Hyaluronic Acid supplements are artificially made and come in oral capsule form, injectable form (medically provided), and serum form. HA is found in whole food forms as well. Natural Hyaluronic Acid can be ingested through a healthy diet rich in green leafy vegetables. Including magnesium-rich foods (spinach, avocado, dark chocolate) may also aid in the production of hyaluronic acid in the body.
Who Should Take Hyaluronic Supplements and are They Safe?
These supplements haven’t had notable side-effects in the handful of trials that have been done, so far, but there are a few categories of people who are not suitable for taking this supplement:
- Pregnant women,
- People with allergies to these ingredients and
- Individuals who have had cancer.
As for the safety of HA supplements, studies are still being done. It's fairly new in supplement form and researchers do not know a lot about the long-term effects.

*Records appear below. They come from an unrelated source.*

Lemma path_edges_flow (R : pzRingType) (E : rel V) s p u :
  path E s p -> uniq (s :: p) ->
  \sum_(v | E u v) ((u, v) \in path_edges s p)%:R
    - \sum_(v | E v u) ((v, u) \in path_edges s p)%:R
  = (u == s)%:R - (u == last s p)%:R :> R.
Proof.
elim: p s => [|t p IHp] s.
  by move=> _ _; rewrite !big1 ?subrr // => v _; rewrite path_edges_nil.
rewrite /= => /andP[Est tp] /andP[s_notin uniq_tp].
have edge_split v w : ((v, w) \in path_edges s (t :: p))%:R
    = ((v, w) == (s, t))%:R + ((v, w) \in path_edges t p)%:R :> R.
  rewrite path_edges_cons; case: eqP => [[-> _]|_]; last by rewrite add0r.
  suff /negbTE-> : (s, w) \notin path_edges t p by rewrite addr0.
  by apply: contra s_notin; rewrite inE => /mem_zip_fst.
under eq_bigr do rewrite edge_split.
under [X in _ - X = _]eq_bigr do rewrite edge_split.
rewrite !big_split /= opprD addrACA (IHp t tp uniq_tp).
have -> : \sum_(v | E u v) ((u, v) == (s, t))%:R = (u == s)%:R :> R.
  have [->|us] := eqVneq u s; last first.
    by rewrite big1 // => v _; rewrite xpair_eqE (negbTE us).
  rewrite (bigD1 t) //= eqxx big1 ?addr0 // => v /andP[_ /negbTE vt].
  by rewrite xpair_eqE vt andbF.
have -> : \sum_(v | E v u) ((v, u) == (s, t))%:R = (u == t)%:R :> R.
  have [->|ut] := eqVneq u t; last first.
    by rewrite big1 // => v _; rewrite xpair_eqE (negbTE ut) andbF.
  rewrite (bigD1 s) //= eqxx big1 ?addr0 // => v /andP[_ /negbTE vs].
  by rewrite xpair_eqE vs.
by rewrite addrA subrK.
Qed.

When Do Hyaluronic Acid Supplements Start to Work? How Much is the Right Amount?
According to a 2017 study in Clinical, Cosmetic, and Investigational Dermatology, after 12 weeks of treatment with oral [hyaluronic acid], 60 people with crow's feet experienced a reduction in wrinkle depth and volume. They also had improved skin luster and suppleness. [NIH.Gov]
In the same study, data found that the dosage amount could vary but end with a similar outcome. In other words, people taking lower doses simply needed to take it longer before they saw similar results. [Verywellhealth]
The recommended doses are anywhere between 200-1000mg/day but your primary care doctor or nutritionist are the best sources for learning about how many milligrams of H A is right for you.
“The #1 reason to use supplements is if you are deficient and cannot get the nutrient in your diet.” -Nicole McGee, M.A. in Kinesiology and Heath Expert
I’d like to believe that collagen and hyaluronic acid supplements could be beneficial to those with acneic skin due to the benefits of being anti-inflammatory and skin barrier-repairing hydration benefits. As of now, there is a lack of solid evidence supporting the benefits of these supplements. And there are many variables to consider.
- Slow natural collagen and hyaluronic acid loss by wearing SPF, avoiding smoking and eating inflammatory foods, and of course, by reducing stress.
- Boost natural production by eating a protein-rich diet that also includes leafy greens, vitamin-C, and magnesium.
- Consult your doctor about taking these nutrients in supplement form if you believe you are deficient.